Task details » Please output exactly the part of the records below that opens with the line containing "INR (fact n))." and closes with the line containing "sum_f_R0 (fun m", both lines included, and nothing else.

Recorded data:
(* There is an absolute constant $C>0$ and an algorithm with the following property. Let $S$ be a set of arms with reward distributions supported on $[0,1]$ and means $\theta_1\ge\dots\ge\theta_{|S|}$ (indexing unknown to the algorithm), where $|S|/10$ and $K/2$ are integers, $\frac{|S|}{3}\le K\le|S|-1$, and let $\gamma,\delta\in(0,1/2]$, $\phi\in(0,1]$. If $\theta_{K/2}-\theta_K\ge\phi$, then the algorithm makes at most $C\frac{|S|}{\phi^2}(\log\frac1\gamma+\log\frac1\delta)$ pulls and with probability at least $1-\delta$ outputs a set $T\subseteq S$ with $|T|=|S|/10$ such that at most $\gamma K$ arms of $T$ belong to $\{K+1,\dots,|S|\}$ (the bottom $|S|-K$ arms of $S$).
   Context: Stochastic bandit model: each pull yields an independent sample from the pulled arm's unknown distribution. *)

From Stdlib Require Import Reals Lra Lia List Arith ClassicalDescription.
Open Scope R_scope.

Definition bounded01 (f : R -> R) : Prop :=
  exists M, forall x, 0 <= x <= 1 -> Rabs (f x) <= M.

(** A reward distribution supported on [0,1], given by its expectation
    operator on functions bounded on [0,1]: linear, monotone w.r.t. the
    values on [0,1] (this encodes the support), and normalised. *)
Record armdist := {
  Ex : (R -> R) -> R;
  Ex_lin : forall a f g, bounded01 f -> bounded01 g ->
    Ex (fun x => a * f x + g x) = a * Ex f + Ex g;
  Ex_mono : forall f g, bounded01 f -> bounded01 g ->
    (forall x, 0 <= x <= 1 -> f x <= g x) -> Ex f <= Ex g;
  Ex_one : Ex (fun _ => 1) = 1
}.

* * *

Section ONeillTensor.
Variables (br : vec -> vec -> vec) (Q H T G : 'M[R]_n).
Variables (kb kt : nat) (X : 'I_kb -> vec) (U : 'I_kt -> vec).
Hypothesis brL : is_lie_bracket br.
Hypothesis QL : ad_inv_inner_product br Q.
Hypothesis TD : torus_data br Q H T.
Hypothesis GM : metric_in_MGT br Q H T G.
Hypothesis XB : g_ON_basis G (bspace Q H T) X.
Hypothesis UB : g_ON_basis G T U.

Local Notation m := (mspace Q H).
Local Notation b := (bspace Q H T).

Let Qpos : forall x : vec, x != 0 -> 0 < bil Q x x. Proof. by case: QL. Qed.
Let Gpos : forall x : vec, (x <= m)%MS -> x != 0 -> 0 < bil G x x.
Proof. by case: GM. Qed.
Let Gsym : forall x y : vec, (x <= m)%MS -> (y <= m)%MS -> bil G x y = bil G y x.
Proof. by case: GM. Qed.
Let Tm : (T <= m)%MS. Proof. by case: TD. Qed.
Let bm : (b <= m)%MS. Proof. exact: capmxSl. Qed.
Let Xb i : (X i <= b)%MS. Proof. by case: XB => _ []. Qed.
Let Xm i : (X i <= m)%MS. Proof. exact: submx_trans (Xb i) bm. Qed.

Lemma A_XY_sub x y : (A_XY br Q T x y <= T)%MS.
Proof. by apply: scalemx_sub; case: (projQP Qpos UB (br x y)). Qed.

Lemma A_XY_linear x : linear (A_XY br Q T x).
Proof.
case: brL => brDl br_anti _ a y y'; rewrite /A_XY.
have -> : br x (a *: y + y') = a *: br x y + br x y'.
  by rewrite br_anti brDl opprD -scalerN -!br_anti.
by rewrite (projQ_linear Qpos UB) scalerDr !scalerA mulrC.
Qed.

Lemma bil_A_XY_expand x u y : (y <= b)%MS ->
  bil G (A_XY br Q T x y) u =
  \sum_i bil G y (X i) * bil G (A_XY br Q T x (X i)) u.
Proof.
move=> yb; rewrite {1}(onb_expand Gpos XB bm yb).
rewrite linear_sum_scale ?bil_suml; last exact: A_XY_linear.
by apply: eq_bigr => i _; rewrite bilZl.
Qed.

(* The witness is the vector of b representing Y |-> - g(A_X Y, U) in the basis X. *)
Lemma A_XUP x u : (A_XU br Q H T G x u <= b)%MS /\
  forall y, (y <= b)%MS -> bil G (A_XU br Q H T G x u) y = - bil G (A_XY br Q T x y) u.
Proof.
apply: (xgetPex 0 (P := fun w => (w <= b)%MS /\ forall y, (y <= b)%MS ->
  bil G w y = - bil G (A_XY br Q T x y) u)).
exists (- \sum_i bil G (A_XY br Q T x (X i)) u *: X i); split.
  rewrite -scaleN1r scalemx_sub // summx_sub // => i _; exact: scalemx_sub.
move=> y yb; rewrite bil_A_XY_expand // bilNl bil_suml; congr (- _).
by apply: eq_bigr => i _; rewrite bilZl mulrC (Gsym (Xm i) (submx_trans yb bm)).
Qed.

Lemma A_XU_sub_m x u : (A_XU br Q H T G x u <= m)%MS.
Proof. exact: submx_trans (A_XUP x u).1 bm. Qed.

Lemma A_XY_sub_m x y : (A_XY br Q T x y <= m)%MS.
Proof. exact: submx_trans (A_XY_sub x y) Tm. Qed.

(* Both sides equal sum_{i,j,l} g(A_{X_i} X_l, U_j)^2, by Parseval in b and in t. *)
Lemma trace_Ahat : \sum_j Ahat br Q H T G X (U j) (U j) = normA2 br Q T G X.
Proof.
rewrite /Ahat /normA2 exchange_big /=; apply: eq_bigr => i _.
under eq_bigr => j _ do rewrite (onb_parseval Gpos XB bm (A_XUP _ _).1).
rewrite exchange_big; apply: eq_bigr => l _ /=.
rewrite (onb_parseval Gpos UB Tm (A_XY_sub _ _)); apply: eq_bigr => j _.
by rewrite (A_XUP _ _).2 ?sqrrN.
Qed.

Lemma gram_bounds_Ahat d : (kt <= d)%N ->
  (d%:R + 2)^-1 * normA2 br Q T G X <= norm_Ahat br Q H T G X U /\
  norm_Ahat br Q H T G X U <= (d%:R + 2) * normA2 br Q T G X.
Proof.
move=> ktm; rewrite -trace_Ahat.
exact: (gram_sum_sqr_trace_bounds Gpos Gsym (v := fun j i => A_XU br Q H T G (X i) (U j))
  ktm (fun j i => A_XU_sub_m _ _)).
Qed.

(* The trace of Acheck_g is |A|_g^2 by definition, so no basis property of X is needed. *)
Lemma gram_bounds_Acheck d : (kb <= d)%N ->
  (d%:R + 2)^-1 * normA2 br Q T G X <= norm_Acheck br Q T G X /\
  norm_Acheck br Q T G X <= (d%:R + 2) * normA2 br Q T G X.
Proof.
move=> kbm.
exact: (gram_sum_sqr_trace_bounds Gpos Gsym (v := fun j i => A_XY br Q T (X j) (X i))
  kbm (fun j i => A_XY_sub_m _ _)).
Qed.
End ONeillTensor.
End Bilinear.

==

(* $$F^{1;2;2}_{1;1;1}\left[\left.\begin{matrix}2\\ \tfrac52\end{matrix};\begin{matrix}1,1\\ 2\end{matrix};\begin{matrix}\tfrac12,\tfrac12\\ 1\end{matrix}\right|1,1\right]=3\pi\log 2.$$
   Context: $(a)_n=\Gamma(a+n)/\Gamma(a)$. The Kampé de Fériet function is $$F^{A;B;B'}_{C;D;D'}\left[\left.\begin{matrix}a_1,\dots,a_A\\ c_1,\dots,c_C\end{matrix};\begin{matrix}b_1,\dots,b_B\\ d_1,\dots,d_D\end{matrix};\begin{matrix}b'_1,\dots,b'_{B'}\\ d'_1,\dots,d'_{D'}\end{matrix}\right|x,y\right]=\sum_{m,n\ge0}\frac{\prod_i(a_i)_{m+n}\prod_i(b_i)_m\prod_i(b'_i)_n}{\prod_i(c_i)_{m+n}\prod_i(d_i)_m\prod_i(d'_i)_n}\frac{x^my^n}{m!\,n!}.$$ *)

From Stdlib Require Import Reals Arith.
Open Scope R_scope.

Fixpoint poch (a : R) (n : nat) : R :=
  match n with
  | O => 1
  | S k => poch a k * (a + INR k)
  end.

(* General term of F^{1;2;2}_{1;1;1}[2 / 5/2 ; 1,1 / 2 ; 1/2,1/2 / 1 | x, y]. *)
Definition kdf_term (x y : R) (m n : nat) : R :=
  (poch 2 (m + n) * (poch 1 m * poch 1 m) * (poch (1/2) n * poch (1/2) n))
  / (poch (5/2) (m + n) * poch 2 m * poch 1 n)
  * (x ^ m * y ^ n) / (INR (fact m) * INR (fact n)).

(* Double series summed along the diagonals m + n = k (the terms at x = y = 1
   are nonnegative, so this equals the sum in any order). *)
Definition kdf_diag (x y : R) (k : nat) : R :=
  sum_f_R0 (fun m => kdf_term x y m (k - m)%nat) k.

Exercise output »
  * (x ^ m * y ^ n) / (INR (fact m) * INR (fact n)).

(* Double series summed along the diagonals m + n = k (the terms at x = y = 1
   are nonnegative, so this equals the sum in any order). *)
Definition kdf_diag (x y : R) (k : nat) : R :=
  sum_f_R0 (fun m => kdf_term x y m (k - m)%nat) k.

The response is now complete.